Saved data entries:
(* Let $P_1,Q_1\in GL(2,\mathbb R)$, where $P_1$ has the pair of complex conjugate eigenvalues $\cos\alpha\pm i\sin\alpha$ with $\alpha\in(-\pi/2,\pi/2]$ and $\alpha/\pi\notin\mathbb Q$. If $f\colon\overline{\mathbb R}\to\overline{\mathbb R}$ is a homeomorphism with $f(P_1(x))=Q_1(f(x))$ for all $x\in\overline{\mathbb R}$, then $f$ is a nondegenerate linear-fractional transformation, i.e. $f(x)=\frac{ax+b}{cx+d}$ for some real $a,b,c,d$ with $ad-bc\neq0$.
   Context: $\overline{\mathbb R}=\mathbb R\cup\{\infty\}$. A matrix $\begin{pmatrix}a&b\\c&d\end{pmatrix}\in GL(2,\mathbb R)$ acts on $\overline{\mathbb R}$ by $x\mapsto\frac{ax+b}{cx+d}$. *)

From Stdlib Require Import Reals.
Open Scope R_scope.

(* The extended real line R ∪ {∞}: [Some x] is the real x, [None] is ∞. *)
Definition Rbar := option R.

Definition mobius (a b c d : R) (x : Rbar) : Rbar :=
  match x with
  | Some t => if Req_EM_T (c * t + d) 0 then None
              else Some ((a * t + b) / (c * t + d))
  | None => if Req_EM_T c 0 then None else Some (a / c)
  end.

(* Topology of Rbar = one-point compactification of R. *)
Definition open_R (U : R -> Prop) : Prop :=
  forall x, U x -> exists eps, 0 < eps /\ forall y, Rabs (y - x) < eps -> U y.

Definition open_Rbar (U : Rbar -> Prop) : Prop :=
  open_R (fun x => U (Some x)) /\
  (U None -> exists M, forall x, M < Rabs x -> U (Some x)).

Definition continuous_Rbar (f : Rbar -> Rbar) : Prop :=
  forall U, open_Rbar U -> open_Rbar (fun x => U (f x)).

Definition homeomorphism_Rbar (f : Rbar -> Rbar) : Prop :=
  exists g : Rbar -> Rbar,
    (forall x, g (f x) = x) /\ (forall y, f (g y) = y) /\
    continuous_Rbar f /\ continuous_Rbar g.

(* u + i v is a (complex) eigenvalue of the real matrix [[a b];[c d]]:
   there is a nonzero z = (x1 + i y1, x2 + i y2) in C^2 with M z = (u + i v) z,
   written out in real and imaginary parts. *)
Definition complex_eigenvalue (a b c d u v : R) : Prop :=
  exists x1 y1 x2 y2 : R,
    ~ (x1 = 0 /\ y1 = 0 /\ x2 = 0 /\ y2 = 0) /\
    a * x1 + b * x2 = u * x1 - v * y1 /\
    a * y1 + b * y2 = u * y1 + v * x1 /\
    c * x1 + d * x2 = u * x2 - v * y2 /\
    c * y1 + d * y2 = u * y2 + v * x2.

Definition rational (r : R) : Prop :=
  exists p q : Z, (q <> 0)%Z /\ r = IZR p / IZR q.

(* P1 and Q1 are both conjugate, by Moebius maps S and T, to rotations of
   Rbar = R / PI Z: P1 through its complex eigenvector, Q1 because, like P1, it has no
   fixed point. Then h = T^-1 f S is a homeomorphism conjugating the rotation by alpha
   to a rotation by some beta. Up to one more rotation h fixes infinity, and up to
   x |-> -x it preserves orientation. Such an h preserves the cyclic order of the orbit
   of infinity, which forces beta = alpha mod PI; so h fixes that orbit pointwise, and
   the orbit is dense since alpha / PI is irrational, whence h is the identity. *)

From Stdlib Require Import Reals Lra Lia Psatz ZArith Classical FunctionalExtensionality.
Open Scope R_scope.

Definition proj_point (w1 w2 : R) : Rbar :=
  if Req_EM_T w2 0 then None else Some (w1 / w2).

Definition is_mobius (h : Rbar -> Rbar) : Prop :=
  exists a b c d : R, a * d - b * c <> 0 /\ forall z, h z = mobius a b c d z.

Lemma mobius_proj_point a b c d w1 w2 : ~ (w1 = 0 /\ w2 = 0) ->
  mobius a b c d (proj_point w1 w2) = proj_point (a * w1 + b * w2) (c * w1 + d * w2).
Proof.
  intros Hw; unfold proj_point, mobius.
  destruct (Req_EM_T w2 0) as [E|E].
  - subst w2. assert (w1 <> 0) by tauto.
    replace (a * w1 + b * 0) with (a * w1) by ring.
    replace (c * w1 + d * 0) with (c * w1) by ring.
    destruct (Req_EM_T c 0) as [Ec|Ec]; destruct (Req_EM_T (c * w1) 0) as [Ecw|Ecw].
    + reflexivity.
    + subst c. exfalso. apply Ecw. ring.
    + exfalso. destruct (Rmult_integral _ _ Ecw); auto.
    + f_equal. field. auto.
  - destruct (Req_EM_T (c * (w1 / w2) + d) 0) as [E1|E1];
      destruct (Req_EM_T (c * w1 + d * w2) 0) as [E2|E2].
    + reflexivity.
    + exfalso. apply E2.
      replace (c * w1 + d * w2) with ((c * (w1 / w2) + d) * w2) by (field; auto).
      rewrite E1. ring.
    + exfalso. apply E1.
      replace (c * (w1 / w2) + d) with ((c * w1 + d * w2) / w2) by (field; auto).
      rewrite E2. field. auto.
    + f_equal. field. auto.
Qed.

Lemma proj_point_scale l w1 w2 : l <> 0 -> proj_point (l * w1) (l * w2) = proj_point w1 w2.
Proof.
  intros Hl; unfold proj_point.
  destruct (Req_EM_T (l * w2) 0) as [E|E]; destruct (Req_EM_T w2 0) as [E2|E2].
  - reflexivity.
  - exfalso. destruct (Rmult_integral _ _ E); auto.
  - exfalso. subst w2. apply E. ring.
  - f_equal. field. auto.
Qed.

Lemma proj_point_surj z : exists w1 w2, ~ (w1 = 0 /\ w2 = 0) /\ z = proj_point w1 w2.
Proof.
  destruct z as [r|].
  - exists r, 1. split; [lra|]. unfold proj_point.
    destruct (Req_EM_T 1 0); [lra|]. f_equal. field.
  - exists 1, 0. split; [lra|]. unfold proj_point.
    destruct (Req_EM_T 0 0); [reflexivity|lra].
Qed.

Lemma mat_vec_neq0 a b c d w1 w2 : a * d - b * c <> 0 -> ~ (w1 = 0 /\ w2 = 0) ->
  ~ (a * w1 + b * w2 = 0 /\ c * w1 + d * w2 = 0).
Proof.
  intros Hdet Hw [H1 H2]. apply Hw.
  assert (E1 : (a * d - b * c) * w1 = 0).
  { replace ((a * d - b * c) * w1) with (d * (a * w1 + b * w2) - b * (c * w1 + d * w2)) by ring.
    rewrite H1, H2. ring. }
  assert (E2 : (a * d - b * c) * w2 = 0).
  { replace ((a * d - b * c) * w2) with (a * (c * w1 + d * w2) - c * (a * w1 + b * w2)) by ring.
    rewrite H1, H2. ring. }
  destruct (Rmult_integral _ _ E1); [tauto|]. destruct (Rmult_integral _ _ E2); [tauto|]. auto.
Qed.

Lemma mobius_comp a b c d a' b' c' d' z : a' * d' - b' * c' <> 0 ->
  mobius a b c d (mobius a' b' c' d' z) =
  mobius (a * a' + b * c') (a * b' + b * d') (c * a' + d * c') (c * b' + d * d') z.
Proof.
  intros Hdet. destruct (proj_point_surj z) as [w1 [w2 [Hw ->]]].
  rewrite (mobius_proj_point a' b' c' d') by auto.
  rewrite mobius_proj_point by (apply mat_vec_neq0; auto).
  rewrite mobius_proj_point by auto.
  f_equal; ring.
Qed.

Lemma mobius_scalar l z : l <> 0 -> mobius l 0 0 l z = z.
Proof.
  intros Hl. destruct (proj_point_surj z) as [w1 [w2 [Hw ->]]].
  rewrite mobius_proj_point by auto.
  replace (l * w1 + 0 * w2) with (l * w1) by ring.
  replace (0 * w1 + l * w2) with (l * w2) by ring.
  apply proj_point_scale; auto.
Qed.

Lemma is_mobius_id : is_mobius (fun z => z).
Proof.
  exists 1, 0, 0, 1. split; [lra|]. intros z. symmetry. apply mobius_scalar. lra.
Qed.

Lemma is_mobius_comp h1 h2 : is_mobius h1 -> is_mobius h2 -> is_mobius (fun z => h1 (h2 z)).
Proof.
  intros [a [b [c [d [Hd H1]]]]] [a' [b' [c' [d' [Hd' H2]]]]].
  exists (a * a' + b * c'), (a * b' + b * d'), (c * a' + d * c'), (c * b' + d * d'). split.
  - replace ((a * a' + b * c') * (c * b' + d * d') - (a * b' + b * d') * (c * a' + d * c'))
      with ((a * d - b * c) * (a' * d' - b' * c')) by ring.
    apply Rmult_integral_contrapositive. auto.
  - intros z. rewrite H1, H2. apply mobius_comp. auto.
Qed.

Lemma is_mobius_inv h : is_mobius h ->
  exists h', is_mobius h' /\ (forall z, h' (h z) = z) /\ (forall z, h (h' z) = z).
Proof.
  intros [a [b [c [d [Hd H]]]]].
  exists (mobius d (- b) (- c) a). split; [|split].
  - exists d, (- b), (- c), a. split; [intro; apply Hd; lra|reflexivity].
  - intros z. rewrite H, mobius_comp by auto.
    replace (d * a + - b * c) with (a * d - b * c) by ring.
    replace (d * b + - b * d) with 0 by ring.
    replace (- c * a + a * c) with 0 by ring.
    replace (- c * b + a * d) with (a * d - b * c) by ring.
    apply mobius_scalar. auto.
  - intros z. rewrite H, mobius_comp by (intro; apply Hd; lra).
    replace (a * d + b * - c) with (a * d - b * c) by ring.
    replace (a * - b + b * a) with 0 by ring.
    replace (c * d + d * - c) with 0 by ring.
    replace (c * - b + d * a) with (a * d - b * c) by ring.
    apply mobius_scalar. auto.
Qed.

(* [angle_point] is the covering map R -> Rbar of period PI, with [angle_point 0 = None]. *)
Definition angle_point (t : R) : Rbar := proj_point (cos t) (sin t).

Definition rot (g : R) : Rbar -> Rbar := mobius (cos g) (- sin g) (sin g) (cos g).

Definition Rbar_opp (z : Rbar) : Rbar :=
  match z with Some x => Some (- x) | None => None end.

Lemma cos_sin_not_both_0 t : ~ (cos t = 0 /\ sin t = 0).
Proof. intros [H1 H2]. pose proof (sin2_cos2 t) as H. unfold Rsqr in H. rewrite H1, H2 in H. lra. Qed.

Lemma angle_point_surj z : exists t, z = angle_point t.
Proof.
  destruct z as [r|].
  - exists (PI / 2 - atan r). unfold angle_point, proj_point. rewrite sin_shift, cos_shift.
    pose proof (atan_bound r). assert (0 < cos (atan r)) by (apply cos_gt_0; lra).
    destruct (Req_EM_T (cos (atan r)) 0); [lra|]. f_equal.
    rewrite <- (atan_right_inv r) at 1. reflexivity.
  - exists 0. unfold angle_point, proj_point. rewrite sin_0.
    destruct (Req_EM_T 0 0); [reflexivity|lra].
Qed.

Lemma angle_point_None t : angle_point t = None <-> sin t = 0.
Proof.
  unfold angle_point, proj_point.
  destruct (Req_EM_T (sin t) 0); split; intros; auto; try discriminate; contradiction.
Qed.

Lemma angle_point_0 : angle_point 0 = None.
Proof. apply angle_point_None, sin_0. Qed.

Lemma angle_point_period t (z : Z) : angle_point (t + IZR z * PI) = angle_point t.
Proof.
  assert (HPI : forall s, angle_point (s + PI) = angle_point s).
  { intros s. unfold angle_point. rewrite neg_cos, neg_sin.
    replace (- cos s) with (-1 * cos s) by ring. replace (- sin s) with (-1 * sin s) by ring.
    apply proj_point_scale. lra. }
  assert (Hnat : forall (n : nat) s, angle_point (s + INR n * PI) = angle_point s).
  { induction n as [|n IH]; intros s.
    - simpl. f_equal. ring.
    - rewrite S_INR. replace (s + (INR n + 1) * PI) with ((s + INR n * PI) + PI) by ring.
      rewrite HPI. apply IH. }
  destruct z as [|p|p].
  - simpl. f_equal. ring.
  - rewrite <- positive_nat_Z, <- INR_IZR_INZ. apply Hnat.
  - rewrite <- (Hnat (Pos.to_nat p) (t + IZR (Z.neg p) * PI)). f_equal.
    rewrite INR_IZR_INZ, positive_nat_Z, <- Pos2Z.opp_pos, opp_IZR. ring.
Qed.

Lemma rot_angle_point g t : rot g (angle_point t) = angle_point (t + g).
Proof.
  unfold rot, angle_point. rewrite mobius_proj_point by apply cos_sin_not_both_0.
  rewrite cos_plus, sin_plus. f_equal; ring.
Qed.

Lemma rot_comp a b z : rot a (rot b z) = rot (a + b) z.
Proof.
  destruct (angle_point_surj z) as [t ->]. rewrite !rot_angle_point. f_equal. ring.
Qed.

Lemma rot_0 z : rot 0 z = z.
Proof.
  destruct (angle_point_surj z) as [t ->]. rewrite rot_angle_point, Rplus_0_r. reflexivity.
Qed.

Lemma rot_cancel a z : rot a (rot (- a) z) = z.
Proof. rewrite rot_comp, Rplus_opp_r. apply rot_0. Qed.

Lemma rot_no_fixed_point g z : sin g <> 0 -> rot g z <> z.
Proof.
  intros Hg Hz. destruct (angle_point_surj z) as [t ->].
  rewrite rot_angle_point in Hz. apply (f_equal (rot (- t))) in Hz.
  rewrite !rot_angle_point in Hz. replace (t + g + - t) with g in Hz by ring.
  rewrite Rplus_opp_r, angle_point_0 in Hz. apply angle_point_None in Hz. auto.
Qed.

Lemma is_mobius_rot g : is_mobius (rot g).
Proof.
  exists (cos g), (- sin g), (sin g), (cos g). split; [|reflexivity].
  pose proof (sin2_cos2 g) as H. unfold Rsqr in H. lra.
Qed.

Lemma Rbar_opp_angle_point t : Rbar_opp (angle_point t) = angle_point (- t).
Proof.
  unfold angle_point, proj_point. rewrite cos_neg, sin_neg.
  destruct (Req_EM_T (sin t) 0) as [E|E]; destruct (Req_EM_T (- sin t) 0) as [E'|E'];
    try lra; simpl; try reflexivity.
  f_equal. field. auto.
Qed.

_INSTRUCTIONS TO FOLLOW_: The answer is the run of lines above from the line containing "Lemma rot_cancel a" through the line containing "rewrite rot_angle_point in", copied exactly and alone.

_RESULT OF THE EXERCISE_:
Lemma rot_cancel a z : rot a (rot (- a) z) = z.
Proof. rewrite rot_comp, Rplus_opp_r. apply rot_0. Qed.

Lemma rot_no_fixed_point g z : sin g <> 0 -> rot g z <> z.
Proof.
  intros Hg Hz. destruct (angle_point_surj z) as [t ->].
  rewrite rot_angle_point in Hz. apply (f_equal (rot (- t))) in Hz.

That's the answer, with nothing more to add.